Source data =>

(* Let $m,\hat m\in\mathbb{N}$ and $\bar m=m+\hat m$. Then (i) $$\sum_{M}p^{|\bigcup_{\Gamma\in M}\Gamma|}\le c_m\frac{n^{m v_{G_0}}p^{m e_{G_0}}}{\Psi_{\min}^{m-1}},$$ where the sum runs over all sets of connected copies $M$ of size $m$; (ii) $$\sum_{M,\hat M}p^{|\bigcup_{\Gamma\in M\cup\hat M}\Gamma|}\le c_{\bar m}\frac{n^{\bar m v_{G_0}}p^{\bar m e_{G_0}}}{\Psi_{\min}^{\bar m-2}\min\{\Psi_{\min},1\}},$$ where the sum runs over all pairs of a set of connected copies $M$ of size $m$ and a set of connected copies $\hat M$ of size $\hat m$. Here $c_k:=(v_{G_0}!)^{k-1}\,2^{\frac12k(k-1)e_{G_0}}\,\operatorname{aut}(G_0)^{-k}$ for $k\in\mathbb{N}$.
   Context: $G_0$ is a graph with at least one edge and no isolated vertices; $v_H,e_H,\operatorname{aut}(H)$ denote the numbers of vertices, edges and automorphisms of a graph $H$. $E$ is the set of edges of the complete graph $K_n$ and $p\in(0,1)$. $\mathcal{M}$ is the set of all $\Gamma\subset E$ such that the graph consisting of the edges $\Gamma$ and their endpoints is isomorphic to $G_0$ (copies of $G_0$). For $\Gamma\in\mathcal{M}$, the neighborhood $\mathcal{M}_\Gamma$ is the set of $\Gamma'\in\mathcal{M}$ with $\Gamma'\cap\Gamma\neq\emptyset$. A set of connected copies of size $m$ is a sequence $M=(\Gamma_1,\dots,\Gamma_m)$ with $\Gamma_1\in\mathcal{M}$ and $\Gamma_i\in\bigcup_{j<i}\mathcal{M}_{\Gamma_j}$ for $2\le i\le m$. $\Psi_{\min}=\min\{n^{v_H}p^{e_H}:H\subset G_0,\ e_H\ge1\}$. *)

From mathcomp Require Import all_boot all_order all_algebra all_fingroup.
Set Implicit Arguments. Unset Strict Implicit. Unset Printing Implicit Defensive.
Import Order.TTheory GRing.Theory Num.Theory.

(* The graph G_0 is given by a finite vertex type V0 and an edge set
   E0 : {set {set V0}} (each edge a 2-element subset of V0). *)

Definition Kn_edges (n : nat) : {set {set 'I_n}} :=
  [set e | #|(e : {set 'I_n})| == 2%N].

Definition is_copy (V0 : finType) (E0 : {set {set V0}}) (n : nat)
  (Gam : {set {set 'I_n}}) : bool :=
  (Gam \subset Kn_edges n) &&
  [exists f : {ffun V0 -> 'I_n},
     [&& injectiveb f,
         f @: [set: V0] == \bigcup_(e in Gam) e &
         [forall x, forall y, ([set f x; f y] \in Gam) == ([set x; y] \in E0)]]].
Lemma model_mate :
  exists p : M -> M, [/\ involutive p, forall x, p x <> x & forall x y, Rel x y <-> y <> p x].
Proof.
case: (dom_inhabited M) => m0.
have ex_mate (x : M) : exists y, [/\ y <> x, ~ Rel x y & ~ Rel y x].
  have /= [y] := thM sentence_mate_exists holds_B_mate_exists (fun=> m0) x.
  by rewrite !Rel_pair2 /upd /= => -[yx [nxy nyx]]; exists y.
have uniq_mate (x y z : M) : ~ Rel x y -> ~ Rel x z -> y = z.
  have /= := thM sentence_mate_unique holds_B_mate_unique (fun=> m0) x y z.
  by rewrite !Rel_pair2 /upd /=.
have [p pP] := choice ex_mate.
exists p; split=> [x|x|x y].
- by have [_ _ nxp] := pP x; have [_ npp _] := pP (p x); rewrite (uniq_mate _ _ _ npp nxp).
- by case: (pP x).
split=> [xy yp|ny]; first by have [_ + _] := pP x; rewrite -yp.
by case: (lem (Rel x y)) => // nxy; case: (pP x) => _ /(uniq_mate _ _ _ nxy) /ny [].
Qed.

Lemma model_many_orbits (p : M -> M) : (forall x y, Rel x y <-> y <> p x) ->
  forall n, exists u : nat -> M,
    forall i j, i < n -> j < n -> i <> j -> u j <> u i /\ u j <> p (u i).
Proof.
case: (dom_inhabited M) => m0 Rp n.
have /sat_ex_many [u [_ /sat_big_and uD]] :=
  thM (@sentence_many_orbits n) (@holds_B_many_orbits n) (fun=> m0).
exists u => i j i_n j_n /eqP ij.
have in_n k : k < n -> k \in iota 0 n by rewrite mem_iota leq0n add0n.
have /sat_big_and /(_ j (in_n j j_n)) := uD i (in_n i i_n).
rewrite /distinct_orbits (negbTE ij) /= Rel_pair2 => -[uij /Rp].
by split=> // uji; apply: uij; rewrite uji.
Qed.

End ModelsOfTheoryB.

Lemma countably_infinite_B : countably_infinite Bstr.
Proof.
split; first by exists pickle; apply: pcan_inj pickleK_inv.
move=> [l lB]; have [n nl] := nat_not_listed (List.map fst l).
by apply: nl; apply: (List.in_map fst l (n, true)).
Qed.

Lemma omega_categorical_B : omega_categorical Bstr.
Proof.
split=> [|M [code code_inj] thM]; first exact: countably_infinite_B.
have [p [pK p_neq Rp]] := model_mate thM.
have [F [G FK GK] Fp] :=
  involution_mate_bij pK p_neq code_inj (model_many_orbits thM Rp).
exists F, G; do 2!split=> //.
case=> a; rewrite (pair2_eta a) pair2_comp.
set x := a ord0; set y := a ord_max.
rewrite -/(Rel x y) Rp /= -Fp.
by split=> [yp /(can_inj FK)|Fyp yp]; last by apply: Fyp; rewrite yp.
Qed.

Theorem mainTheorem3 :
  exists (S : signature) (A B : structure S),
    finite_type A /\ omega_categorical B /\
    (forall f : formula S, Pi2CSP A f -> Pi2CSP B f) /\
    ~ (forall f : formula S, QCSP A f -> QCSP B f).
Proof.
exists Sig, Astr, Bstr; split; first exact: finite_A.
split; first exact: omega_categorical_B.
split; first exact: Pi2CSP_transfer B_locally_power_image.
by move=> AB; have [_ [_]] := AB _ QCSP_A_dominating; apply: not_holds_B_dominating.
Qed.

Aim of the exercise =>
Copy, exactly and only, the lines above that begin with the one containing "Definition is_copy (V0" and finish with the one containing "have /= [y]".

Reply to the task =>
Definition is_copy (V0 : finType) (E0 : {set {set V0}}) (n : nat)
  (Gam : {set {set 'I_n}}) : bool :=
  (Gam \subset Kn_edges n) &&
  [exists f : {ffun V0 -> 'I_n},
     [&& injectiveb f,
         f @: [set: V0] == \bigcup_(e in Gam) e &
         [forall x, forall y, ([set f x; f y] \in Gam) == ([set x; y] \in E0)]]].
Lemma model_mate :
  exists p : M -> M, [/\ involutive p, forall x, p x <> x & forall x y, Rel x y <-> y <> p x].
Proof.
case: (dom_inhabited M) => m0.
have ex_mate (x : M) : exists y, [/\ y <> x, ~ Rel x y & ~ Rel y x].
  have /= [y] := thM sentence_mate_exists holds_B_mate_exists (fun=> m0) x.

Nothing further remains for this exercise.